Master's Thesis in Machine Learning: Chunking in Multilingual Technical Documentation

Title

Optimizing Chunking Strategies for Multilingual RAG Systems in Technical Documentation

Background

Retrieval-Augmented Generation (RAG) combines external documents with large language models (LLMs) to improve answer accuracy by grounding outputs in factual sources. In RAG, a corpus of documents is first chunked into smaller segments, embedded into vectors, and stored in a vector database. At query time, the system retrieves the most relevant chunks and feeds them to the LLM. The chunking strategy, how documents are split is crucial. It affects retrieval accuracy, context quality, and ultimately the correctness of generated answers.
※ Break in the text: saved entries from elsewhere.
(* Let $\mathbf A,\mathbf B\in\mathbb C^{n\times n}$, $k=\operatorname{Ind}\mathbf A$, $r=\operatorname{rank}\mathbf A^{k}$, and for $l\ge 0$ let $\hat{\mathbf B}^{(l)}=\mathbf A^{l}\mathbf B=(\hat b^{(l)}_{ij})$ with $j$-th column $\hat{\mathbf b}^{(l)}_{.j}$ (so $\hat{\mathbf B}^{(0)}=\mathbf B=(b_{ij})$). Let \[\mathbf X(t)=\mathbf A^{D}\mathbf B+\sum_{s=1}^{k}\frac{(-1)^{s-1}}{s!}\left(\mathbf A^{s-1}\mathbf B-\mathbf A^{D}\mathbf A^{s}\mathbf B\right)t^{s}\] (the partial solution of $\mathbf X'+\mathbf A\mathbf X=\mathbf B$). Writing $\Delta=\sum_{\beta\in J_{r,n}}\left|(\mathbf A^{k+1})^{\beta}_{\beta}\right|$ and $N_{ij}(l)=\sum_{\beta\in J_{r,n}\{i\}}\left|\left(\mathbf A^{k+1}_{.i}(\hat{\mathbf b}^{(l)}_{.j})\right)^{\beta}_{\beta}\right|$, the entries of $\mathbf X(t)=(x_{ij})$ are, for all $i,j=1,\dots,n$, \[x_{ij}=\frac{N_{ij}(k)}{\Delta}+\sum_{s=1}^{k}\frac{(-1)^{s-1}}{s!}\left(\hat b^{(s-1)}_{ij}-\frac{N_{ij}(k+s)}{\Delta}\right)t^{s}.\]
   Context: $\operatorname{Ind}\mathbf A$ is the smallest nonnegative $k$ with $\operatorname{rank}\mathbf A^{k+1}=\operatorname{rank}\mathbf A^{k}$; the Drazin inverse $\mathbf A^{D}$ is the unique $\mathbf X$ with $\mathbf A^{k+1}\mathbf X=\mathbf A^{k}$, $\mathbf X\mathbf A\mathbf X=\mathbf X$, $\mathbf A\mathbf X=\mathbf X\mathbf A$. $\mathbf M_{.i}(\mathbf c)$ denotes $\mathbf M$ with its $i$-th column replaced by $\mathbf c$. $J_{r,n}$ is the set of strictly increasing sequences of $r$ elements of $\{1,\dots,n\}$, $J_{r,n}\{i\}=\{\beta\in J_{r,n}:i\in\beta\}$, $\mathbf M^{\beta}_{\beta}$ is the principal submatrix indexed by $\beta$, $|\cdot|$ is the determinant. *)

From HB Require Import structures.
From mathcomp Require Import all_boot all_order all_algebra.
Set Implicit Arguments. Unset Strict Implicit. Unset Printing Implicit Defensive.
Import Order.TTheory GRing.Theory Num.Theory.
Local Open Scope ring_scope.

Definition is_index (C : fieldType) (n : nat) (A : 'M[C]_n) (k : nat) : Prop :=
  \rank (A ^+ k.+1) = \rank (A ^+ k) /\
  (forall m : nat, (m < k)%N -> \rank (A ^+ m.+1) <> \rank (A ^+ m)).

Definition is_drazin (C : fieldType) (n : nat) (A X : 'M[C]_n) : Prop :=
  exists k, is_index A k /\
    A ^+ k.+1 *m X = A ^+ k /\ X *m A *m X = X /\ A *m X = X *m A.

Definition colrep (C : fieldType) (n : nat) (M : 'M[C]_n) (i : 'I_n)
  (c : 'cV[C]_n) : 'M[C]_n :=
  \matrix_(p, q) if q == i then c p 0 else M p q.

(* |M^beta_beta| : principal minor of M indexed by beta (a strictly
   increasing sequence in {1..n}, represented as a finite set whose
   elements are enumerated in increasing order). *)
Definition pminor (C : fieldType) (n : nat) (M : 'M[C]_n) (beta : {set 'I_n}) : C :=
  \det (\matrix_(p < #|beta|, q < #|beta|)
          M (@enum_val _ (mem beta) p) (@enum_val _ (mem beta) q)).
Lemma contraction_weight_face t x :
  0 <= t <= 1 -> geom_real (tilde_complex Gamma Gs) x ->
  [set a | contraction_weight t x a != 0] \in tilde_complex Gamma Gs.
Proof.
move=> /andP[t_ge0 t_le1] [x_ge0 [x_sum /tilde_complexP [Gamma_s0 Gs_s0]]].
have sub := contraction_weight_inl_supp_sub (t := t) x_ge0.
have mass_s0 : outer_mass x (inl @^-1: [set a | x a != 0]) <= 2 * t.
  by rewrite outer_mass_support mulr_ge0.
have s_s0 := sub _ mass_s0.
apply/tilde_complexP; split; first exact: Gamma_cplx.2 _ _ Gamma_s0 s_s0.
move=> j; rewrite inE => /contraction_weight_inr_neq0 [x_j|[s Gs_s mass_lt]|].
- by apply: (Gs_cplx j).2 (Gs_s0 j _) s_s0; rewrite inE.
- exact: (Gs_cplx j).2 _ _ Gs_s (sub _ (ltW mass_lt)).
- case/andP=> /eqP -> lt_t; apply: (Gs_cplx j0).2 _ _ (Gs_cplx j0).1 (sub _ _).
  by rewrite (le_trans (outer_mass_le_sum _ x_ge0)) // x_sum ltW.
Qed.

Lemma tilde_complex_vertex j : [set inr j] \in tilde_complex Gamma Gs.
Proof.
apply/tilde_complexP.
have -> : inl @^-1: [set inr j] = finset.set0 :> {set 'I_n} by apply/setP => v; rewrite !inE.
split=> [|j']; first exact: Gamma_cplx.1.
by rewrite inE => /eqP [->]; exact: (Gs_cplx j).1.
Qed.

Hypothesis Gamma_cover : Gamma = \bigcup_(j < m) Gs j.

Lemma contraction_weight_sum_gt0 t x :
  0 <= t <= 1 -> geom_real (tilde_complex Gamma Gs) x ->
  0 < \sum_a contraction_weight t x a.
Proof.
move=> t01 x_real; have [x_ge0 [x_sum /tilde_complexP [Gamma_s0 _]]] := x_real.
have w_ge0 a := contraction_weight_ge0 a t01 x_ge0.
case/andP: t01 => t_ge0 t_le1.
have [->|t_neq0] := eqVneq t 0; first by rewrite contraction_weight0 // x_sum ltr01.
have t_gt0 : 0 < t by rewrite lt_def t_neq0.
suff [j w_gt0] : exists j, 0 < contraction_weight t x (inr j).
  by apply: lt_le_trans w_gt0 _; rewrite (bigD1 (inr j)) //= lerDl sumr_ge0.
have last_ge0 j : 0 <= (j == j0)%:R * Num.max 0 (2 * t - 1) :> R.
  by rewrite mulr_ge0 ?ler0n // le_max lexx.
have [t_half|t_half] := lerP (2 * t) 1.
  move: Gamma_s0; rewrite Gamma_cover => /bigcupP [j _ Gs_s0]; exists j.
  have : 2 * t <= inflow t x j.
    rewrite /inflow (bigD1 _ Gs_s0) /= outer_mass_support subr0 max_r ?mulr_ge0 //.
    by rewrite addrCA lerDl addr_ge0 // sumr_ge0 // => s _; rewrite le_max lexx.
  rewrite /contraction_weight /= min_l ?mul1r; last lra.
  by have := last_ge0 j; lra.
exists j0; rewrite /contraction_weight /= eqxx mul1r max_r; last lra.
rewrite ltr_wpDl ?subr_gt0 // mulr_ge0 ?inflow_ge0 // le_min ler01 /=; lra.
Qed.

End Invariance.

End Contraction.

Theorem lemma4p2 (R : realType) (n m : nat) (Gamma : {set {set 'I_n}})
    (Gs : 'I_m -> {set {set 'I_n}}) :
  (1 <= m)%N ->
  simplicial_complex Gamma ->
  (forall j, simplicial_complex (Gs j)) ->
  (forall j, Gs j \subset Gamma) ->
  Gamma = \bigcup_(j < m) Gs j ->
  @contractible R {ptws ('I_n + 'I_m)%type -> R} (@geom_real R _ (tilde_complex Gamma Gs)).
Proof.
move=> m_gt0 Gamma_cplx Gs_cplx _ Gamma_cover; pose j0 : 'I_m := Ordinal m_gt0.
pose w (p : R * {ptws ('I_n + 'I_m)%type -> R}) := contraction_weight Gs j0 p.1 p.2.
exists (vertex_point R (inr j0)), (fun p => normalize (w p) : {ptws _ -> R}).
have vertex_real := geom_real_vertex_point R (tilde_complex_vertex Gamma_cplx Gs_cplx j0).
split; [exact: vertex_real|split; [|split; [|split]]].
- apply: continuous_in_subspaceT => -[t x] /set_mem [/= t01 x_real].
  rewrite in_itv /= in t01.
  apply: normalize_continuous => [a|]; last first.
    by rewrite gt_eqF // (contraction_weight_sum_gt0 j0 Gamma_cover).
  apply: contraction_weight_continuous => [p|b p]; first exact: cvg_fst.
  apply: (@cvg_comp _ _ _ snd (fun f : {ptws _ -> R} => f b)); first exact: cvg_snd.
  exact: (@proj_continuous _ (fun _ => R) b).
- move=> t x t01 x_real; rewrite /w /=; apply: geom_real_normalize.
  + by move=> a; exact: contraction_weight_ge0 t01 x_real.1.
  + exact (contraction_weight_sum_gt0 j0 Gamma_cover t01 x_real).
  + exact: contraction_weight_face.
- by move=> x [x_ge0 [x_sum _]]; rewrite /w /= contraction_weight0 // normalize_id.
- move=> x x_real; rewrite /w /= contraction_weight1 => [|b]; last exact: geom_real_le1 x_real.
  by rewrite normalize_id //; case: vertex_real => _ [].
Qed.
(* Let $e_1=(1:0:0)$, $e_2=(0:1:0)$, $e_3=(0:0:1)$, $e_4=(1:1:1)$, let $a\vee b$ denote the line through $a,b$, and set $\mathcal T_1=\{(e_1,e_1\vee e_3)\}$, $\mathcal T_2=\{e_2,(e_1,e_1\vee e_3)\}$, $\mathcal T_3=\{(e_1,e_1\vee e_3),(e_2,e_2\vee e_3)\}$, $\mathcal T_4=\{e_2,e_3,(e_1,e_1\vee e_4)\}$. Then for $i=1,2,3,4$ one has $\operatorname{span}(F_{\mathcal T_i})=I_{\mathcal T_i}$.
   Context: $H_k\subseteq\mathbb R[x,y,z]$: real ternary forms of degree $k$; $P_{3,4}=\{f\in H_4: f\ge0\text{ on }\mathbb P^2(\mathbb R)\}$. Local notation. For $p\in\mathbb P^2(\mathbb R)$, affine coordinates centered at $p$ are obtained by an invertible real linear change of coordinates sending $p$ to $(0:0:1)$ and setting $z=1$; $f\in H_4$ becomes $f(x,y)=\sum_{i+j\le4}a_{ij}x^iy^j$, and $\operatorname{ord}_p(f)$ is the least $i+j$ with $a_{ij}\ne0$. For a real line $l\ni p$ choose such coordinates with $l=\{y=0\}$, and for $\operatorname{ord}_pf\ge2$ put $\tilde f(x,y)=f(x,xy)/x^2$. Sets. $F_s=\{f\in P_{3,4}: f(s)=0\}$, $I_s=\{f\in H_4:\operatorname{ord}_sf\ge2\}$; $F_{(p,l)}=\{f\in P_{3,4}: f(p)=0,\ \tilde f(0,0)=0\}$, $I_{(p,l)}=\{f\in H_4: a_{00}=a_{10}=a_{01}=a_{20}=a_{11}=a_{30}=0\}$. For a configuration $\mathcal S=\{s_1,\dots,s_n,(p_1,l_1),\dots,(p_m,l_m)\}$ (pairwise distinct real points, real lines $l_j\ni p_j$): $F_{\mathcal S}=\bigcap_iF_{s_i}\cap\bigcap_jF_{(p_j,l_j)}$, $I_{\mathcal S}=\bigcap_iI_{s_i}\cap\bigcap_jI_{(p_j,l_j)}$. *)

From Stdlib Require Import Reals List.
Import ListNotations.
Open Scope R_scope.

(** Points of R^3 (homogeneous coordinates of points of P^2(R)). *)
Definition pt : Type := (R * R * R)%type.
Definition px (p : pt) : R := fst (fst p).
Definition py (p : pt) : R := snd (fst p).
Definition pz (p : pt) : R := snd p.
Definition dot (a b : pt) : R := px a * px b + py a * py b + pz a * pz b.
Definition cross (a b : pt) : pt :=
  (py a * pz b - pz a * py b, pz a * px b - px a * pz b, px a * py b - py a * px b).
Definition smul (c : R) (a : pt) : pt := (c * px a, c * py a, c * pz a).

(** A real projective line is encoded by a normal vector n <> 0 :
    l = { v | dot n v = 0 }.  The line a \/ b through a,b has normal cross a b. *)
Definition on_line (n : pt) (v : pt) : Prop := dot n v = 0.
Definition join (a b : pt) : pt := cross a b.

Definition e1 : pt := (1, 0, 0).
Definition e2 : pt := (0, 1, 0).
Definition e3 : pt := (0, 0, 1).
Definition e4 : pt := (1, 1, 1).

Fixpoint sumR (n : nat) (g : nat -> R) : R :=
  match n with O => 0 | S k => sumR k g + g k end.

Definition quartic (c : nat -> nat -> R) (p : pt) : R :=
  sumR 5 (fun i => sumR (5 - i) (fun j =>
    c i j * px p ^ i * py p ^ j * pz p ^ (4 - i - j))).

Definition H4 (f : pt -> R) : Prop := exists c, forall p, f p = quartic c p.

Definition P34 (f : pt -> R) : Prop := H4 f /\ forall p, 0 <= f p.

(** 3x3 real matrices (indices 0..2) acting on R^3. *)
Definition mat3 : Type := nat -> nat -> R.
Definition mapply (m : mat3) (v : pt) : pt :=
  (m 0%nat 0%nat * px v + m 0%nat 1%nat * py v + m 0%nat 2%nat * pz v,
   m 1%nat 0%nat * px v + m 1%nat 1%nat * py v + m 1%nat 2%nat * pz v,
   m 2%nat 0%nat * px v + m 2%nat 1%nat * py v + m 2%nat 2%nat * pz v).
Definition det3 (m : mat3) : R :=
  m 0%nat 0%nat * (m 1%nat 1%nat * m 2%nat 2%nat - m 1%nat 2%nat * m 2%nat 1%nat)
  - m 0%nat 1%nat * (m 1%nat 0%nat * m 2%nat 2%nat - m 1%nat 2%nat * m 2%nat 0%nat)
  + m 0%nat 2%nat * (m 1%nat 0%nat * m 2%nat 1%nat - m 1%nat 1%nat * m 2%nat 0%nat).

(** An invertible linear change of coordinates: new coordinates v correspond
    to old coordinates [mapply m v].  It sends p to (0:0:1) iff m e3 is a
    nonzero multiple of p. *)
Definition centered_at (m : mat3) (p : pt) : Prop :=
  det3 m <> 0 /\ exists lam, lam <> 0 /\ mapply m e3 = smul lam p.

(** ... and additionally sends the line l (normal n, through p) to {y = 0}. *)
Definition centered_at_line (m : mat3) (p n : pt) : Prop :=
  centered_at m p /\ on_line n (mapply m e1).

Definition affine_poly (b : nat -> nat -> R) (x y : R) : R :=
  sumR 5 (fun i => sumR (5 - i) (fun j => b i j * x ^ i * y ^ j)).
Definition local_coeffs (f : pt -> R) (m : mat3) (b : nat -> nat -> R) : Prop :=
  forall x y, f (mapply m (x, y, 1)) = affine_poly b x y.

Definition ord_ge2 (b : nat -> nat -> R) : Prop :=
  b 0%nat 0%nat = 0 /\ b 1%nat 0%nat = 0 /\ b 0%nat 1%nat = 0.

(** tilde f (x,y) = f(x,xy)/x^2 (for ord >= 2), as a polynomial. *)
Definition tilde_poly (b : nat -> nat -> R) (x y : R) : R :=
  sumR 5 (fun i => sumR (5 - i) (fun j =>
    if Nat.leb 2 (i + j) then b i j * x ^ (i + j - 2) * y ^ j else 0)).

Definition Fpt (s : pt) (f : pt -> R) : Prop := P34 f /\ f s = 0.
Definition Ipt (s : pt) (f : pt -> R) : Prop :=
  H4 f /\ exists m b, centered_at m s /\ local_coeffs f m b /\ ord_ge2 b.

Definition Fpl (p n : pt) (f : pt -> R) : Prop :=
  P34 f /\ f p = 0 /\
  exists m b, centered_at_line m p n /\ local_coeffs f m b /\ ord_ge2 b /\
              tilde_poly b 0 0 = 0.
Definition Ipl (p n : pt) (f : pt -> R) : Prop :=
  H4 f /\ exists m b, centered_at_line m p n /\ local_coeffs f m b /\
    b 0%nat 0%nat = 0 /\ b 1%nat 0%nat = 0 /\ b 0%nat 1%nat = 0 /\
    b 2%nat 0%nat = 0 /\ b 1%nat 1%nat = 0 /\ b 3%nat 0%nat = 0.
(* For $\epsilon>0$ sufficiently small, $R_\pi^\natural(S^1\times D^2,A_1)$ is homeomorphic to $S^2$. Explicitly, with $(\phi,\theta)$, $\phi\in[0,\pi]$, $\theta\in[0,2\pi]$, spherical-polar coordinates on $S^2$ and $\nu=\epsilon\sin\phi$, the map sending $(\phi,\theta)$ to the class of $$a=i\sigma_z,\qquad h=(\cos^2\nu+\sin^2\nu\sin^2\theta)^{-1/2}\big(i\sigma_x\cos\nu-i\sigma_z\sin\nu\sin\theta\big),$$ $$A=h\big(\cos\phi+i\sin\phi(\sigma_x\cos\theta+\sigma_y\sin\theta)\big),\qquad B=\cos\nu+i\sin\nu(\sigma_x\cos\theta+\sigma_y\sin\theta),$$ $$b=-ha^{-1}h^{-1},\qquad w=-1,$$ is a well-defined homeomorphism $S^2\to R_\pi^\natural(S^1\times D^2,A_1)$.
   Context: Pauli matrices standard; $\hat r\cdot\vec\sigma=r_x\sigma_x+r_y\sigma_y+r_z\sigma_z$. Fix $\epsilon>0$. $R_\pi^\natural(S^1\times D^2,A_1)$ is the holonomy-perturbed traceless character variety of a solid torus containing an unknotted arc $A_1$, a meridional loop $H$ around it, an arc $W$ from $A_1$ to $H$, and a perturbation loop $P$; the fundamental group of the complement is $\langle A,B,a,b,h,w\mid hwaB=aBh,\ b=ha^{-1}w^{-1}h^{-1}\rangle$, and the longitude and meridian of a tubular neighborhood of $P$ are $\lambda_P=h^{-1}A$ and $\mu_P=B$. Concretely, $R_\pi^\natural(S^1\times D^2,A_1)$ is the space of tuples $(A,B,a,b,h,w)\in SU(2)^6$ with $\operatorname{tr}a=\operatorname{tr}h=0$, $w=-1$, $hwaB=aBh$, $b=ha^{-1}w^{-1}h^{-1}$, and such that whenever $h^{-1}A=\cos\phi+i\sin\phi\,\hat r\cdot\vec\sigma$ with $\phi\in\mathbb{R}$, $\hat r\in S^2$, one has $B=\cos\nu+i\sin\nu\,\hat r\cdot\vec\sigma$ with $\nu=\epsilon\sin\phi$; modulo simultaneous conjugation, with the quotient topology. *)

From Stdlib Require Import Reals.
Open Scope R_scope.

(* An element  q0 * 1 + i (q1 sigma_x + q2 sigma_y + q3 sigma_z)  of the real
   span of 1, i sigma_x, i sigma_y, i sigma_z (Pauli matrices standard).
   SU(2) is exactly the set of such matrices with q0^2+q1^2+q2^2+q3^2 = 1,
   and the matrix product is given by
   (a0 + i a.s)(b0 + i b.s) = (a0 b0 - a.b) + i (a0 b + b0 a - a x b).s *)
Record quat := Qt { q0 : R; q1 : R; q2 : R; q3 : R }.

Definition qmul (a b : quat) : quat :=
  Qt (q0 a * q0 b - (q1 a * q1 b + q2 a * q2 b + q3 a * q3 b))
     (q0 a * q1 b + q0 b * q1 a - (q2 a * q3 b - q3 a * q2 b))
     (q0 a * q2 b + q0 b * q2 a - (q3 a * q1 b - q1 a * q3 b))
     (q0 a * q3 b + q0 b * q3 a - (q1 a * q2 b - q2 a * q1 b)).

Definition qnorm2 (a : quat) : R := q0 a ^ 2 + q1 a ^ 2 + q2 a ^ 2 + q3 a ^ 2.

(* matrix inverse (adjugate / determinant; determinant = qnorm2) *)
Definition qinv (a : quat) : quat :=
  Qt (q0 a / qnorm2 a) (- q1 a / qnorm2 a) (- q2 a / qnorm2 a) (- q3 a / qnorm2 a).

Definition qopp (a : quat) : quat := Qt (- q0 a) (- q1 a) (- q2 a) (- q3 a).

Definition qone : quat := Qt 1 0 0 0.

Definition in_SU2 (a : quat) : Prop := qnorm2 a = 1.

(* trace of q0 + i q.sigma is 2 q0 *)
Definition qtrace (a : quat) : R := 2 * q0 a.

Definition qexp (t r0 r1 r2 : R) : quat :=
  Qt (cos t) (sin t * r0) (sin t * r1) (sin t * r2).

Record rep := Rep { rA : quat; rB : quat; ra : quat; rb : quat; rh : quat; rw : quat }.

(* the (unquotiented) set defining R_pi^natural(S^1 x D^2, A_1) *)
Definition in_Rset (eps : R) (x : rep) : Prop :=
  in_SU2 (rA x) /\ in_SU2 (rB x) /\ in_SU2 (ra x) /\ in_SU2 (rb x) /\
  in_SU2 (rh x) /\ in_SU2 (rw x) /\
  qtrace (ra x) = 0 /\ qtrace (rh x) = 0 /\
  rw x = qopp qone /\
  qmul (qmul (qmul (rh x) (rw x)) (ra x)) (rB x) = qmul (qmul (ra x) (rB x)) (rh x) /\
  rb x = qmul (qmul (qmul (rh x) (qinv (ra x))) (qinv (rw x))) (qinv (rh x)) /\
  (forall phi r0 r1 r2 : R, r0 ^ 2 + r1 ^ 2 + r2 ^ 2 = 1 ->
     qmul (qinv (rh x)) (rA x) = qexp phi r0 r1 r2 ->
     rB x = qexp (eps * sin phi) r0 r1 r2).

Definition qconj (g a : quat) : quat := qmul (qmul g a) (qinv g).

Definition rep_conj (x y : rep) : Prop :=
  exists g : quat, in_SU2 g /\
    rA y = qconj g (rA x) /\ rB y = qconj g (rB x) /\ ra y = qconj g (ra x) /\
    rb y = qconj g (rb x) /\ rh y = qconj g (rh x) /\ rw y = qconj g (rw x).

Definition qdist2 (a b : quat) : R :=
  (q0 a - q0 b) ^ 2 + (q1 a - q1 b) ^ 2 + (q2 a - q2 b) ^ 2 + (q3 a - q3 b) ^ 2.

Definition rep_dist (x y : rep) : R :=
  sqrt (qdist2 (rA x) (rA y) + qdist2 (rB x) (rB y) + qdist2 (ra x) (ra y) +
        qdist2 (rb x) (rb y) + qdist2 (rh x) (rh y) + qdist2 (rw x) (rw y)).

Definition pt3 : Type := (R * R * R)%type.

Definition dist3 (p q : pt3) : R :=
  let '(x1, y1, z1) := p in let '(x2, y2, z2) := q in
  sqrt ((x1 - x2) ^ 2 + (y1 - y2) ^ 2 + (z1 - z2) ^ 2).

Definition in_S2 (p : pt3) : Prop :=
  let '(x, y, z) := p in x ^ 2 + y ^ 2 + z ^ 2 = 1.

Definition open_in {T : Type} (d : T -> T -> R) (S U : T -> Prop) : Prop :=
  forall x, S x -> U x -> exists delta, delta > 0 /\
    forall y, S y -> d x y < delta -> U y.

(* subsets of the set X saturated w.r.t. the equivalence relation E:
   these are exactly the preimages of subsets of the quotient X/E *)
Definition saturated {T : Type} (X : T -> Prop) (E : T -> T -> Prop) (W : T -> Prop) : Prop :=
  forall x y, X x -> X y -> E x y -> W x -> W y.

Definition sph (phi theta : R) : pt3 :=
  (sin phi * cos theta, sin phi * sin theta, cos phi).

Definition in_coord_range (phi theta : R) : Prop :=
  0 <= phi <= PI /\ 0 <= theta <= 2 * PI.
(* Let $P\neq Q$ be points in $\mathbb{R}^3$ and let $\gamma:[0,T)\times[0,1]\to\mathbb{R}^3$ be a sufficiently smooth family of curves with $|\gamma_u|_g\neq0$ everywhere, $\gamma(0,\cdot)$ a regular horizontal curve from $P$ to $Q$, $\gamma(t,0)=P$, $\gamma(t,1)=Q$ for all $t$, and $$\gamma_t(t,u)=\vec k_g(t,u)+\lambda(t)N(t,u)-\Big(\int_0^u(k(t,\xi)+\lambda(t))|\gamma_u(t,\xi)|_gd\xi\Big)X_3(\gamma(t,u))$$ for $(t,u)\in(0,T)\times(0,1)$, where $\lambda(t)=-\frac{\int_0^1k(t,u)|\gamma_u(t,u)|_gdu}{L(\gamma(t))}$. Then $t\mapsto L(\gamma(t))$ is nonincreasing.
   Context: Write $\gamma=(\gamma^1,\gamma^2,\gamma^3)^t$. $|\gamma_u|_g=\sqrt{(\gamma^1_u)^2+(\gamma^2_u)^2}$ and $L(\gamma)=\int_0^1|\gamma_u|_gdu$. A curve is horizontal if $\gamma^3_u=-\tfrac12\gamma^2\gamma^1_u+\tfrac12\gamma^1\gamma^2_u$. $X_3=(0,0,1)^t$. $k=\frac{\gamma^2_{uu}\gamma^1_u-\gamma^2_u\gamma^1_{uu}}{((\gamma^1_u)^2+(\gamma^2_u)^2)^{3/2}}$, $N=\frac1{|\gamma_u|_g}\big(-\gamma^2_u,\ \gamma^1_u,\ \tfrac12\gamma^2\gamma^2_u+\tfrac12\gamma^1\gamma^1_u\big)^t$, and $\vec k_g=kN$. *)

From Stdlib Require Import Reals.
From Coquelicot Require Import Coquelicot.
Open Scope R_scope.

(* Points of R^3 as triples; a family of curves is gamma : R -> R -> R^3,
   gamma t u with t the time and u in [0,1] the curve parameter. *)
Definition pt3 := (R * R * R)%type.
Definition c1 (x : pt3) : R := fst (fst x).
Definition c2 (x : pt3) : R := snd (fst x).
Definition c3 (x : pt3) : R := snd x.

Definition vadd (x y : pt3) : pt3 := (c1 x + c1 y, c2 x + c2 y, c3 x + c3 y).
Definition vsub (x y : pt3) : pt3 := (c1 x - c1 y, c2 x - c2 y, c3 x - c3 y).
Definition vscal (a : R) (x : pt3) : pt3 := (a * c1 x, a * c2 x, a * c3 x).

Definition X3 (x : pt3) : pt3 := (0, 0, 1).

Definition dt (f : R -> R -> R) (t u : R) : R := Derive (fun s => f s u) t.
Definition du (f : R -> R -> R) (t u : R) : R := Derive (fun v => f t v) u.
(* The pairing of a chain with a function only depends on its coefficients:
   the terms on the first vertex list [v] contribute [lcoef L v * phi v = 0],
   and the remaining terms form a shorter null chain. *)
Lemma lpair_null phi L : lceq L [] -> lpair phi L = 0.
Proof.
  induction L as [L IH]
    using (well_founded_induction (Wf_nat.well_founded_ltof _ (@length _))).
  destruct L as [|[k v] L']; intro HL; [reflexivity|].
  set (L := (k, v) :: L') in *.
  assert (Hcoef : forall w, lcoef L w = lcoef (filter (on_v v) L) v * delta v w
                                       + lcoef (filter (off_v v) L) w).
  { intro w. unfold lcoef at 1. rewrite (lpair_sift v). fold (lcoef (filter (off_v v) L) w).
    rewrite lpair_on_v. reflexivity. }
  assert (Hv : lcoef (filter (on_v v) L) v = 0).
  { pose proof (Hcoef v) as E. rewrite HL, lcoef_nil, lcoef_off_v, delta_refl in E. lia. }
  assert (Hnull : lceq (filter (off_v v) L) []).
  { intro w. pose proof (Hcoef w) as E. rewrite HL, Hv, lcoef_nil in E. rewrite lcoef_nil. lia. }
  rewrite (lpair_sift v), lpair_on_v, Hv, (IH _); [lia| |exact Hnull].
  assert (Hk : off_v v (k, v) = false).
  { unfold off_v, on_v; simpl.
    destruct (excluded_middle_informative (v = v)); [reflexivity|congruence]. }
  unfold L, Wf_nat.ltof; cbn [filter]. rewrite Hk.
  pose proof (filter_length_le (off_v v) L'). simpl. lia.
Qed.

Lemma lpair_resp phi L1 L2 : lceq L1 L2 -> lpair phi L1 = lpair phi L2.
Proof.
  intro H. assert (H0 : lceq (L1 ++ lscale (-1) L2) []).
  { intro u. rewrite lcoef_app, lcoef_scale, H, lcoef_nil. lia. }
  pose proof (lpair_null phi _ H0) as E. rewrite lpair_app, lpair_scale in E. lia.
Qed.
End VertexChains.

Definition lext {V W : Type} (f : list V -> lchain (V := W)) (L : lchain (V := V)) : lchain :=
  flat_map (fun p => lscale (fst p) (f (snd p))) L.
Our specific focus is a multilingual repository of technical documentation (e.g.,
User/Operator/Service manuals, spare parts inventories, price lists) in languages such as English, Swedish, and German, which contains numerous diagrams (not directly vectorized). User queries will typically request specific components, identified by number or name, and anticipate detailed information (e.g., specifications, pricing, instructions), or seek documentation relevant to machine troubleshooting.

Objective

The main problem is: How can we chunk multilingual technical documents to maximize the accuracy of a RAG system when answering part-specific queries? We will examine the following aspects:

Chunking Strategy: Evaluate multiple chunking methods (fixed-size, structural, semantic, hierarchical, etc.) and their variants (overlap ratios, sizes). Determine which yields the most relevant retrievals for typical queries (e.g. “Find part X – what is its price and specs?”). In particular, test document-aware splitting using manuals’ TOCs/headings vs. purely text-based splits.
Multilingual Handling: Assess whether translating non-English content or using multilingual embeddings is more effective. For example, compare indexing German/Swedish docs in original language vs. translated to English, measuring any change in retrieval accuracy.
Retrieval Accuracy Metrics: Define metrics suitable for the domain, such as retrieval recall of the correct part descriptions and precision of retrieved chunks. We may adapt standard IR metrics (e.g. recall/precision over tokens or passages) to our evaluation tasks. For generation quality, we can check whether the LLM’s answers include correct part numbers/prices.
Vector Store and Tools: We will use Weaviate as the vector database (as currently deployed). Its multilingual vectorizers (e.g. Cohere, OpenAI) will be leveraged. If Weaviate limits arise, alternatives like Pinecone or Milvus could be considered, but initially we target optimizing within the existing Weaviate setup. The thesis will also explore any Weaviate-specific features (e.g. metadata search, filters) to aid retrieval.

Who are we looking for?

Educational Background: Currently pursuing a Master's degree in a relevant technical discipline, such as AI/ML or Computer Science.
RAG Knowledge: Strong theoretical foundation in the Retrieval-Augmented Generation (RAG) architecture and its core principles.
LLM Experience: Practical experience interacting with Large Language Models (LLMs) via API.
Vector Database Understanding: Good theoretical grasp of vector databases and their operational mechanisms. Prior experience with specific vector stores (e.g., Weaviate) is considered a bonus.
Programming Proficiency: Expertise in Python for essential tasks, including data
manipulation, implementing custom chunking algorithms, and developing the RAG
pipeline.
NLP Familiarity: Working knowledge of Natural Language Processing (NLP) concepts, especially text embedding and multilingual models.

Provided Resources

Dataset of real-world documents including, technical manuals, spare part specifications, and price lists in the form of PDFs.
AI tools such as Cursor for ease of development and building experiments.

About Hypertype

We’re building the next generation of AI products and AI Agents in the Customer Support space. Focused on manufacturing but with clients across other sectors like fintech, health tech and more we are giving hundreds of companies across the globe the capacity to transform their customer journey with the latest advancements in AI. Our customers proudly recognise us for delivering the "highest quality answers in the market... outsmarting Gemini, Fin, Microsoft Copilot etc". —a testament to our unwavering commitment to excellence and precision in every interaction.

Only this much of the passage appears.